In terms of co-determination rights, owners of individual units, according to Lehmann-Richter/Wobst, are primarily referred to the decision-making process in the owners’ meeting with regard to the common property. Individual co-determination rights in the development, registration, or marketing of an employee invention generally do not exist, so long as it concerns original common property. In specific cases, other arrangements may be stipulated in the community agreement or by explicit majority decisions. If the invention is related to a separate property, a co-use right or a duty of participation by the association may be considered.

What liability risks exist for the association or individual owners for infringement of third-party IP rights through employee inventions?

On this point, Lehmann-Richter/Wobst explains that the association must ensure, when using, sharing, or exploiting an employee invention, that no third-party rights (e.g., patents, registered designs, or trademarks) are infringed. In cases of culpable or negligent infringement, injunctive relief and damages may be asserted against the condominium association and, in individual cases, against individual acting owners, especially advisory board members or the administrator. Therefore, it is advisable to conduct a comprehensive legal review prior to commercial exploitation and to inform all members of potential risks.

Can condominium owners demand the waiver of an employee invention?

Waiving an employee invention in the common property is a far-reaching act that cannot be enforced by individual owners.
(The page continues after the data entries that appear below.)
(* Let $\Gamma$ be a group. In the category $\mathrm{Cr}\Gamma$ of crossed $\Gamma$-modules: (a) For every surjective morphism $f:(G',\mu')\to(G,\mu)$ and every morphism $h:F_{(L,\nu)}\to(G,\mu)$ from a free crossed $\Gamma$-module, there is a morphism $h':F_{(L,\nu)}\to(G',\mu')$ with $fh'=h$; consequently $\mathfrak P_\Gamma$ (retracts of free crossed $\Gamma$-modules), together with surjective morphisms, is a projective class in $\mathrm{Cr}\Gamma$. (b) For every surjective morphism $f:(G',\mu')\to(G,\mu)$ admitting a $\Gamma$-equivariant set-theoretic section and every morphism $h:F_{\Gamma(L,\nu)}\to(G,\mu)$ from a $\Gamma$-equivariant free crossed $\Gamma$-module, there is a morphism $h'$ with $fh'=h$; consequently $\mathfrak P_{\Gamma-e}$ (retracts of $\Gamma$-equivariant free crossed $\Gamma$-modules), together with surjective morphisms admitting $\Gamma$-equivariant set-theoretic sections, is a projective class in $\mathrm{Cr}\Gamma$.
   Context: A crossed $\Gamma$-module $(G,\mu)$ is a group $G$ with an action of $\Gamma$ by automorphisms and a homomorphism $\mu:G\to\Gamma$ with $\mu({}^{\gamma}g)=\gamma\mu(g)\gamma^{-1}$ and ${}^{\mu(g)}g'=gg'g^{-1}$. Morphisms $(G,\mu)\to(G',\mu')$ are $\Gamma$-equivariant homomorphisms $f$ with $\mu'f=\mu$. Free crossed $\Gamma$-module on $(G,\mu)$: let $F(\Gamma\times G)$ be the free group on pairs $(\gamma,g)$ with $\Gamma$-action ${}^{\gamma'}(\gamma,g)=(\gamma'\gamma,g)$ and $\eta:F(\Gamma\times G)\to G$, $\eta(\gamma,g)={}^{\gamma}g$; $F_{(G,\mu)}$ is the quotient of $F(\Gamma\times G)$ by the normal subgroup generated by the Peiffer elements ${}^{\mu\eta(x)}x'\cdot x x'^{-1}x^{-1}$, with the crossed module map induced by $\mu\eta$; the canonical map $F_{(G,\mu)}\to(G,\mu)$ is surjective. $\Gamma$-equivariant free crossed $\Gamma$-module on $(G,\mu)$: let $F(G)$ be the free group on symbols $|g|$ with ${}^{\gamma}|g|=|{}^{\gamma}g|$, $\varphi:F(G)\to G$, $|g|\mapsto g$; $F_{\Gamma(G,\mu)}$ is the quotient of $F(G)$ by the normal subgroup generated by ${}^{\mu\varphi(x)}x'\cdot xx'^{-1}x^{-1}$, with crossed module map induced by $\mu\varphi$; the canonical surjection to $(G,\mu)$ has the $\Gamma$-equivariant section $g\mapsto[|g|]$. A projective class (in the sense of Eilenberg–Moore) is a class of objects $\mathfrak P$ together with a class of ''$\mathfrak P$-epimorphisms'' such that each object of $\mathfrak P$ has the lifting property against all $\mathfrak P$-epimorphisms, $\mathfrak P$ is closed under retracts, and every object receives a $\mathfrak P$-epimorphism from an object of $\mathfrak P$. *)

From Stdlib Require Import List Relations Setoid Morphisms.
From Stdlib Require Import ClassicalEpsilon FunctionalExtensionality
  PropExtensionality ProofIrrelevance.
Import ListNotations.
Set Implicit Arguments.
Unset Strict Implicit.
According to Lehmann-Richter/Wobst, a formal resolution by the association is required, which may need to be unanimous, especially if assets are involved. An individual owner may only demand waiver if he or she would otherwise suffer serious, unacceptable disadvantages, which must be proven in each case. Otherwise, the majority principle applies, but minority rights must be observed and the right to proper management must always be ensured.

How are disputes between condominium owners regarding distribution of income from the employee invention resolved?

Disputes about the remittance or distribution of proceeds from an employee invention are generally resolved through a resolution action before the competent local court (condominium matter). Lehmann-Richter/Wobst recommends compliance with out-of-court dispute resolution, such as mediation or intervention by the administrator, before legal proceedings are initiated. The interpretation of the community agreement, the partition declaration, and any special regulations is always decisive. In cases of uncertainty, the court will ultimately decide, taking into account the principles of condominium law and proper management.